I was thinking about the extension of Frullani that explains Jameson in the notes The Frullani integrals, (lectures notes from Lancaster University). I am saying FRU2 in page 3.
I tried write speculative examples of this extension in the infnite case. I am saying when one take series instead of finite sums. But I don't know if the LHS of the identity in my examples make sense. For example, if I take weights as $m_n=\frac{\mu(n)}{n}$ for each $a_n=n\geq 1$ an integer, where $\mu(n)$ is the Möbius function, then I can write a RHS that converges with $f(x)=e^{-x}$ , but my LHS is
$$\int_0^\infty\frac{\sum_{n=1}^\infty\frac{\mu(n)}{n}e^{-nx}}{x}dx.$$
Question 1. Can you convice to me that this integral doesn't make sense? Or is it convergent? I try do reasonings with the exponential integral, but I don't know what say.
I would like to see some example, if make sense of an example of FRU2 but in the case infinite.
Question. Does make sense the same theorem FRU2, that is the extension of Frullani explained in the lecture notes, in the case which the series are infinite? If you know that it is a theorem (for suitable hypothesis), please refers where we can find the literature, and if it's possible create and provide us a simple example. If isn't possible, that is such theorem isn't feasible explain us why. Many thanks and good nights.

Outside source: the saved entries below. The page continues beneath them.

(* Suppose that $G = \left( \begin{bmatrix} m & k \end{bmatrix}, \eta, u \right)$ is a conditional of $F= \left( \begin{bmatrix} f \\ g \end{bmatrix}, \begin{bmatrix} \alpha & \beta \\ \beta^\dagger & \delta \end{bmatrix}, \begin{bmatrix} s \\ t \end{bmatrix} \right)$. Then the following equalities hold: \begin{align*} k = g - m \circ f &\quad & m \circ \alpha = \beta^\dagger &\quad & \eta = \delta - m \circ \beta &\quad & u = t - m\circ s \end{align*}
   Context: Let $(\mathbb{X}, \dagger)$ be a dagger additive category (a dagger category enriched in abelian groups with additive dagger and finite biproducts satisfying $\pi_j^\dagger = \iota_j$; maps between biproducts are written as matrices and the dagger acts as conjugate transpose) and fix an object $X$. A map $p$ is $\dagger$-positive if $p = \phi^\dagger \circ \phi$ for some $\phi$. The Gauss construction $\mathfrak{G}\left[ (\mathbb{X}, \dagger) \right]_X$ is the Markov category with the objects of $\mathbb{X}$, maps $A \to B$ the triples $(f,p,x)$ with $f: A \to B$, $p: B \to B$ $\dagger$-positive, $x: X \to B$; identities $(\mathsf{id}_A,0,0)$; composition $(g,q,y) \circ (f,p,x) = (g \circ f, q + g \circ p \circ g^\dagger, y + g \circ x)$; $A \otimes B = A \oplus B$, $(f,p,x) \otimes (g,q,y) = \left(f \oplus g, p \oplus q, \begin{bmatrix} x \\ y \end{bmatrix}\right)$; identity maps $\mathsf{Id}_A = (\mathsf{id}_A,0,0)$, copy $\mathsf{copy}_A = \left(\begin{bmatrix} \mathsf{id}_A \\ \mathsf{id}_A \end{bmatrix}, 0, 0\right)$, delete $\mathsf{del}_A = (0,0,0): A \to \mathsf{0}$. Here $F: A \to B \otimes C$ is a map of $\mathfrak{G}\left[ (\mathbb{X}, \dagger) \right]_X$ with $f: A \to B$, $g: A \to C$, $\alpha: B \to B$, $\beta: C \to B$, $\delta: C \to C$, $s: X \to B$, $t: X \to C$ (the second component is $\dagger$-positive, which forces its lower-left entry to be $\beta^\dagger$), and $G: B \otimes A \to C$ has $m: B \to C$, $k: A \to C$, $\eta: C \to C$ $\dagger$-positive, $u: X \to C$. $G$ is a conditional of $F$ if $(\mathsf{Id}_B \otimes G) \circ (\mathsf{copy}_B \otimes \mathsf{Id}_A) \circ (\mathsf{Id}_B \otimes \mathsf{del}_C \otimes \mathsf{Id}_A) \circ (F \otimes \mathsf{Id}_A) \circ \mathsf{copy}_A = F$. *)

From HB Require Import structures.
From mathcomp Require Import all_boot all_algebra.
Set Implicit Arguments. Unset Strict Implicit. Unset Printing Implicit Defensive.
Import GRing.Theory.
Local Open Scope ring_scope.

Record DagAddCat := {
  Ob : Type;
  HomC : Ob -> Ob -> zmodType;
  comp : forall A B C : Ob, HomC B C -> HomC A B -> HomC A C;
  idm : forall A : Ob, HomC A A;
  dag : forall A B : Ob, HomC A B -> HomC B A;
  compA : forall A B C D (h : HomC C D) (g : HomC B C) (f : HomC A B),
      comp h (comp g f) = comp (comp h g) f;
  comp1m : forall A B (f : HomC A B), comp (idm B) f = f;
  compm1 : forall A B (f : HomC A B), comp f (idm A) = f;
  compDl : forall A B C (g1 g2 : HomC B C) (f : HomC A B),
      comp (g1 + g2) f = comp g1 f + comp g2 f;
  compDr : forall A B C (g : HomC B C) (f1 f2 : HomC A B),
      comp g (f1 + f2) = comp g f1 + comp g f2;
  dagK : forall A B (f : HomC A B), dag (dag f) = f;
  dag_comp : forall A B C (g : HomC B C) (f : HomC A B),
      dag (comp g f) = comp (dag f) (dag g);
  dag_id : forall A, dag (idm A) = idm A;
  dagD : forall A B (f g : HomC A B), dag (f + g) = dag f + dag g;
  zeroOb : Ob;
  id_zero : idm zeroOb = 0;
  oplus : Ob -> Ob -> Ob;
  pi1 : forall A B, HomC (oplus A B) A;
  pi2 : forall A B, HomC (oplus A B) B;
  iota1 : forall A B, HomC A (oplus A B);
  iota2 : forall A B, HomC B (oplus A B);
  pi1iota1 : forall A B, comp (pi1 A B) (iota1 A B) = idm A;
  pi2iota2 : forall A B, comp (pi2 A B) (iota2 A B) = idm B;
  pi1iota2 : forall A B, comp (pi1 A B) (iota2 A B) = 0;
  pi2iota1 : forall A B, comp (pi2 A B) (iota1 A B) = 0;
  biprod_id : forall A B,
      comp (iota1 A B) (pi1 A B) + comp (iota2 A B) (pi2 A B) = idm (oplus A B);
  dag_pi1 : forall A B, dag (pi1 A B) = iota1 A B;
  dag_pi2 : forall A B, dag (pi2 A B) = iota2 A B
}.

Arguments comp {d A B C}.
Arguments idm {d}.
Arguments dag {d A B}.
Arguments zeroOb {d}.
Arguments oplus {d}.
Arguments pi1 {d A B}.
Arguments pi2 {d A B}.
Arguments iota1 {d A B}.
Arguments iota2 {d A B}.

Notation "g \oc f" := (comp g f) (at level 40, left associativity).

Section Matrices.
Variable C : DagAddCat.
Implicit Types A B D E : Ob C.

Definition mpair A B D (f : HomC A B) (g : HomC A D) : HomC A (oplus B D) :=
  iota1 \oc f + iota2 \oc g.
Definition mcopair B D E (f : HomC B E) (g : HomC D E) : HomC (oplus B D) E :=
  f \oc pi1 + g \oc pi2.
Definition msum A B D E (f : HomC A B) (g : HomC D E) : HomC (oplus A D) (oplus B E) :=
  iota1 \oc f \oc pi1 + iota2 \oc g \oc pi2.
(* block matrix [[a b];[c d]] : A (+) D -> B (+) E *)
Definition mblock A B D E (a : HomC A B) (b : HomC D B) (c : HomC A E) (d : HomC D E)
  : HomC (oplus A D) (oplus B E) :=
  iota1 \oc a \oc pi1 + iota1 \oc b \oc pi2 + iota2 \oc c \oc pi1 + iota2 \oc d \oc pi2.

Definition dpositive B (p : HomC B B) : Prop :=
  exists (D : Ob C) (phi : HomC B D), p = dag phi \oc phi.
End Matrices.

Arguments mpair {C A B D}.
Arguments mcopair {C B D E}.
Arguments msum {C A B D E}.
Arguments mblock {C A B D E}.
Arguments dpositive {C B}.

Section Gauss.
Variables (C : DagAddCat) (X : Ob C).

Record GMap (A B : Ob C) := mkG {
  gf : HomC A B;
  gp : HomC B B;
  gx : HomC X B
}.

Definition is_gauss A B (F : GMap A B) : Prop := dpositive (gp F).

Definition gcomp A B D (G : GMap B D) (F : GMap A B) : GMap A D :=
  mkG (gf G \oc gf F) (gp G + gf G \oc gp F \oc dag (gf G)) (gx G + gf G \oc gx F).

Definition gtens A B D E (F : GMap A B) (G : GMap D E) : GMap (oplus A D) (oplus B E) :=
  mkG (msum (gf F) (gf G)) (msum (gp F) (gp G)) (mpair (gx F) (gx G)).

Definition gId A : GMap A A := mkG (idm A) 0 0.
Definition gcopy A : GMap A (oplus A A) := mkG (mpair (idm A) (idm A)) 0 0.
Definition gdel A : GMap A zeroOb := mkG 0 0 0.

Definition grunitor B : GMap (oplus B zeroOb) B := mkG pi1 0 0.
Definition gassoc B D E : GMap (oplus (oplus B D) E) (oplus B (oplus D E)) :=
  mkG (mpair (pi1 \oc pi1) (mpair (pi2 \oc pi1) pi2)) 0 0.

(* G : B (x) A -> C is a conditional of F : A -> B (x) C :
   (Id_B (x) G) o (copy_B (x) Id_A) o (Id_B (x) del_C (x) Id_A) o (F (x) Id_A) o copy_A = F,
   with the (implicit in the paper) associator and unitor written explicitly. *)
Definition is_conditional A B D (F : GMap A (oplus B D)) (G : GMap (oplus B A) D) : Prop :=
  gcomp (gtens (gId B) G)
   (gcomp (gassoc B B A)
    (gcomp (gtens (gcopy B) (gId A))
     (gcomp (gtens (grunitor B) (gId A))
      (gcomp (gtens (gtens (gId B) (gdel D)) (gId A))
       (gcomp (gtens F (gId A)) (gcopy A)))))) = F.
End Gauss.

Arguments mkG {C X A B}.
Arguments gf {C X A B}.
Arguments gp {C X A B}.
Arguments gx {C X A B}.
Arguments is_conditional {C X A B D}.

(* Every structural map in the defining equation of a conditional (copy, delete, unitor,
   associator) is deterministic, i.e. has zero covariance and zero mean, so the left-hand side
   collapses to (Id_B (x) G) after a single pushforward of the graph (F (x) Id_A) o copy_A.
   Computing with block matrices, the composite is
     ([f; m f + k], [[alpha, alpha m^dag]; [m alpha, eta + m alpha m^dag]], [s; u + m s]),
   and comparing entries with F gives the four identities (with beta = alpha m^dag turning
   m alpha m^dag into m beta). *)
From Pilot Require Import Defs.
From mathcomp Require Import all_boot all_algebra.
Import GRing.Theory.
Local Open Scope ring_scope.

Set Implicit Arguments.
Unset Strict Implicit.
Unset Printing Implicit Defensive.

Section AdditiveCategory.
Variable C : DagAddCat.
Implicit Types A B D E : Ob C.

Lemma comp0m A B D (f : HomC A B) : (0 : HomC B D) \oc f = 0.
Proof. by apply: (addrI (0 \oc f)); rewrite -compDl !addr0. Qed.

Lemma compm0 A B D (g : HomC B D) : g \oc (0 : HomC A B) = 0.
Proof. by apply: (addrI (g \oc 0)); rewrite -compDr !addr0. Qed.

Lemma dag0 A B : dag (0 : HomC A B) = 0.
Proof. by apply: (addrI (dag (0 : HomC A B))); rewrite -dagD !addr0. Qed.

Lemma dag_iota1 A B : dag (@iota1 C A B) = pi1.
Proof. by rewrite -dag_pi1 dagK. Qed.

Lemma dag_iota2 A B : dag (@iota2 C A B) = pi2.
Proof. by rewrite -dag_pi2 dagK. Qed.
End AdditiveCategory.

Section BlockMatrices.
Variable C : DagAddCat.
Implicit Types A B D E : Ob C.

Lemma pi1_mpair A B D (x : HomC A B) (y : HomC A D) : pi1 \oc mpair x y = x.
Proof. by rewrite /mpair compDr !Defs.compA pi1iota1 pi1iota2 comp1m comp0m addr0. Qed.

Lemma pi2_mpair A B D (x : HomC A B) (y : HomC A D) : pi2 \oc mpair x y = y.
Proof. by rewrite /mpair compDr !Defs.compA pi2iota1 pi2iota2 comp1m comp0m add0r. Qed.

Lemma mcopair_iota1 B D E (a : HomC B E) (b : HomC D E) : mcopair a b \oc iota1 = a.
Proof. by rewrite /mcopair compDl -!Defs.compA pi1iota1 pi2iota1 compm1 compm0 addr0. Qed.

Lemma mcopair_iota2 B D E (a : HomC B E) (b : HomC D E) : mcopair a b \oc iota2 = b.
Proof. by rewrite /mcopair compDl -!Defs.compA pi1iota2 pi2iota2 compm1 compm0 add0r. Qed.

Lemma mpair_inj A B D (x x' : HomC A B) (y y' : HomC A D) :
  mpair x y = mpair x' y' -> x = x' /\ y = y'.
Proof.
move=> eq_xy; split; [rewrite -(pi1_mpair x y) | rewrite -(pi2_mpair x y)];
  by rewrite eq_xy ?pi1_mpair ?pi2_mpair.
Qed.

Lemma mcopair_inj B D E (a a' : HomC B E) (b b' : HomC D E) :
  mcopair a b = mcopair a' b' -> a = a' /\ b = b'.
Proof.
move=> eq_ab; split; [rewrite -(mcopair_iota1 a b) | rewrite -(mcopair_iota2 a b)];
  by rewrite eq_ab ?mcopair_iota1 ?mcopair_iota2.
Qed.

Lemma mpair_comp A A' B D (x : HomC A B) (y : HomC A D) (h : HomC A' A) :
  mpair x y \oc h = mpair (x \oc h) (y \oc h).
Proof. by rewrite /mpair compDl -!Defs.compA. Qed.

Lemma comp_mcopair B D E E' (a : HomC B E) (b : HomC D E) (h : HomC E E') :
  h \oc mcopair a b = mcopair (h \oc a) (h \oc b).
Proof. by rewrite /mcopair compDr !Defs.compA. Qed.

Lemma mcopair_mpair A B D E (a : HomC B E) (b : HomC D E) (x : HomC A B) (y : HomC A D) :
  mcopair a b \oc mpair x y = a \oc x + b \oc y.
Proof. by rewrite /mcopair compDl -!Defs.compA pi1_mpair pi2_mpair. Qed.

Lemma dag_mpair A B D (x : HomC A B) (y : HomC A D) :
  dag (mpair x y) = mcopair (dag x) (dag y).
Proof. by rewrite /mpair /mcopair dagD !dag_comp dag_iota1 dag_iota2. Qed.

Lemma dag_mcopair B D E (a : HomC B E) (b : HomC D E) :
  dag (mcopair a b) = mpair (dag a) (dag b).
Proof. by rewrite /mpair /mcopair dagD !dag_comp dag_pi1 dag_pi2. Qed.

Lemma mpairD A B D (x x' : HomC A B) (y y' : HomC A D) :
  mpair x y + mpair x' y' = mpair (x + x') (y + y').
Proof. by rewrite /mpair !compDr addrACA. Qed.

Lemma mcopairD B D E (a a' : HomC B E) (b b' : HomC D E) :
  mcopair a b + mcopair a' b' = mcopair (a + a') (b + b').
Proof. by rewrite /mcopair !compDl addrACA. Qed.

Lemma mpair0 A B D : mpair (0 : HomC A B) (0 : HomC A D) = 0.
Proof. by rewrite /mpair !compm0 addr0. Qed.

Lemma mcopair0 B D E : mcopair (0 : HomC B E) (0 : HomC D E) = 0.
Proof. by rewrite /mcopair !comp0m addr0. Qed.

Lemma mcopair_mpair_exchange B D E E' (a : HomC B E) (b : HomC D E) (c : HomC B E')
    (e : HomC D E') :
  mcopair (mpair a c) (mpair b e) = mpair (mcopair a b) (mcopair c e).
Proof. by rewrite /mcopair /mpair !compDl !compDr !Defs.compA addrACA. Qed.

Lemma pi1E A B : @pi1 C A B = mcopair (idm A) 0.
Proof. by rewrite /mcopair comp1m comp0m addr0. Qed.

Lemma pi2E A B : @pi2 C A B = mcopair 0 (idm B).
Proof. by rewrite /mcopair comp1m comp0m add0r. Qed.

Lemma msumE A B D E (a : HomC A B) (b : HomC D E) :
  msum a b = mpair (mcopair a 0) (mcopair 0 b).
Proof. by rewrite /msum /mpair /mcopair !comp0m addr0 add0r !Defs.compA. Qed.

Lemma mblockE A B D E (a : HomC A B) (b : HomC D B) (c : HomC A E) (e : HomC D E) :
  mblock a b c e = mpair (mcopair a b) (mcopair c e).
Proof. by rewrite /mblock /mpair /mcopair !compDr !Defs.compA !addrA. Qed.
End BlockMatrices.

(* Rewrites every map into (out of) a biproduct to an [mpair] ([mcopair]) of maps between the
   summands. [autorewrite] matches syntactically, which is much faster here than [rewrite]'s
   matching up to unfolding; [addr0] and [add0r] need the latter, since they reach the additive
   structure of a hom-set through a different (convertible) chain of instances. *)
#[local] Hint Rewrite pi1E pi2E msumE mblockE mpair_comp comp_mcopair mcopair_mpair
  mcopair_mpair_exchange dag_mpair dag_mcopair mpairD mcopairD mpair0 mcopair0
  dag_id dag0 comp1m compm1 comp0m compm0 : block_mx.

Ltac block_simpl := repeat progress (autorewrite with block_mx; rewrite ?addr0 ?add0r).

Section DeterministicMaps.
Variables (C : DagAddCat) (X : Ob C).

Local Notation gdet h := (@mkG C X _ _ h 0 0).

Lemma gcomp_detl A B D (h : HomC B D) (F : GMap X A B) :
  gcomp (gdet h) F = mkG (h \oc gf F) (h \oc gp F \oc dag h) (h \oc gx F).
Proof. by rewrite /gcomp /= !add0r. Qed.

Lemma gcomp_detr A B D (h : HomC A B) (G : GMap X B D) :
  gcomp G (gdet h) = mkG (gf G \oc h) (gp G) (gx G).
Proof. by rewrite /gcomp /= compm0 comp0m compm0 !addr0. Qed.

Lemma gcomp_detA A B D E (h : HomC D E) (h' : HomC B D) (F : GMap X A B) :
  gcomp (gdet h) (gcomp (gdet h') F) = gcomp (gdet (h \oc h')) F.
Proof. by rewrite !gcomp_detl /= dag_comp !Defs.compA. Qed.

Lemma gtens_det A B D E (h : HomC A B) (h' : HomC D E) :
  gtens (gdet h) (gdet h') = gdet (msum h h').
Proof. by rewrite /gtens /=; block_simpl. Qed.
End DeterministicMaps.

Lemma marginal_copyE (C : DagAddCat) (A B D : Ob C) :
  mpair (pi1 \oc pi1) (mpair (pi2 \oc pi1) pi2)
    \oc msum (mpair (idm B) (idm B)) (idm A) \oc msum pi1 (idm A)
    \oc msum (msum (idm B) (0 : HomC D zeroOb)) (idm A)
  = mpair (pi1 \oc pi1) (mpair (pi1 \oc pi1) pi2).
Proof. by block_simpl. Qed.

Lemma is_conditional_block_eqs (C : DagAddCat) (X A B D : Ob C)
    (f : HomC A B) (g : HomC A D) (alpha : HomC B B) (beta : HomC D B) (gamma : HomC B D)
    (delta : HomC D D) (s : HomC X B) (t : HomC X D)
    (m : HomC B D) (k : HomC A D) (eta : HomC D D) (u : HomC X D) :
  is_conditional (mkG (mpair f g) (mblock alpha beta gamma delta) (mpair s t))
                 (mkG (mcopair m k) eta u) ->
  [/\ g = m \oc f + k, beta = alpha \oc dag m, gamma = m \oc alpha,
      delta = eta + m \oc alpha \oc dag m & t = u + m \oc s].
Proof.
rewrite /is_conditional /gId /gcopy /gdel /grunitor /gassoc !gtens_det !gcomp_detA.
rewrite gcomp_detr gcomp_detl marginal_copyE /gcomp /gtens /=.
case; block_simpl.
move=> /mpair_inj[_ eq_g] /mpair_inj[/mcopair_inj[_ eq_beta] /mcopair_inj[eq_gamma eq_delta]].
by move=> /mpair_inj[_ eq_t].
Qed.

Theorem mainTheorem6 (Cat : DagAddCat) (X A B C : Ob Cat)
  (f : HomC A B) (g : HomC A C) (alpha : HomC B B) (beta : HomC C B) (delta : HomC C C)
  (s : HomC X B) (t : HomC X C)
  (m : HomC B C) (k : HomC A C) (eta : HomC C C) (u : HomC X C) :
  dpositive (mblock alpha beta (dag beta) delta) ->
  dpositive eta ->
  is_conditional
    (mkG (X := X) (mpair f g) (mblock alpha beta (dag beta) delta) (mpair s t))
    (mkG (X := X) (mcopair m k) eta u) ->
  k = g - m \oc f /\ m \oc alpha = dag beta /\
  eta = delta - m \oc beta /\ u = t - m \oc s.
Proof.
move=> _ _ /is_conditional_block_eqs[eq_g eq_beta eq_gamma eq_delta eq_t].
split; first by rewrite eq_g [m \oc f + k]addrC addrK.
split; first by rewrite eq_gamma.
split; first by rewrite eq_delta eq_beta Defs.compA addrK.
by rewrite eq_t addrK.
Qed.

We may start noticing that $\sum_{n\geq 1}\frac{\mu(n)}{n}=0$ - this is essentially equivalent to the prime number theorem, and allows us to consider the better-behaved series $\sum_{n\geq 1}\frac{\mu(n)}{nx}\left(e^{-nx}-e^{-x}\right)$. For any $s>1$ we have $\sum_{n\geq 1}\frac{\mu(n)}{n^s}=\frac{1}{\zeta(s)}$ and the $\zeta$ function has a simple pole at $s=1$ with residue $1$.
By Frullani's theorem $$ \int_{0}^{+\infty}\frac{e^{-nx}-e^{-x}}{x}\,dx = -\log(n) \tag{1}$$ hence by applying the dominated convergence theorem with extreme caution we have: $$ \sum_{n\geq 1}\int_{0}^{+\infty}\frac{\mu(n)}{n}\cdot\frac{e^{-nx}-e^{-x}}{x}\,dx =-\sum_{n\geq 1}\frac{\mu(n)\log(n)}{n}.\tag{2}$$ On the other hand, for any $s>1$ $$ \frac{d}{ds}\left(\frac{1}{\zeta(s)}\right) = -\sum_{n\geq 1}\frac{\mu(n)\log(n)}{n^s} = -\frac{\zeta'(s)}{\zeta(s)^2}=-\frac{1}{\zeta(s)}\cdot\frac{d}{ds}\left(\log\zeta(s)\right)\tag{3}$$ and: $$ \lim_{s\to 1^+}-\frac{\zeta'(s)}{\zeta(s)^2} =\lim_{s\to 1^+}-\frac{(s-1)^2 \zeta'(s)}{(s-1)^2\zeta^2(s)}=-\frac{-1}{1}=\color{red}{1}\tag{4}$$ by the Laurent expansion of $\zeta(s)$ and $\zeta'(s)$ in a right neighbourhood of $s=1$.
So $\color{red}{1}$ is the only reasonable value for the original integral. However, there are a lot of details to be dealt with care: for starters, that the original integral and the RHS of $(2)$ are convergent, but also that we are allowed to use $(3)$ to compute $(2)$ by considering $\lim_{s\to 1^+}-\frac{\zeta'(s)}{\zeta(s)^2}$.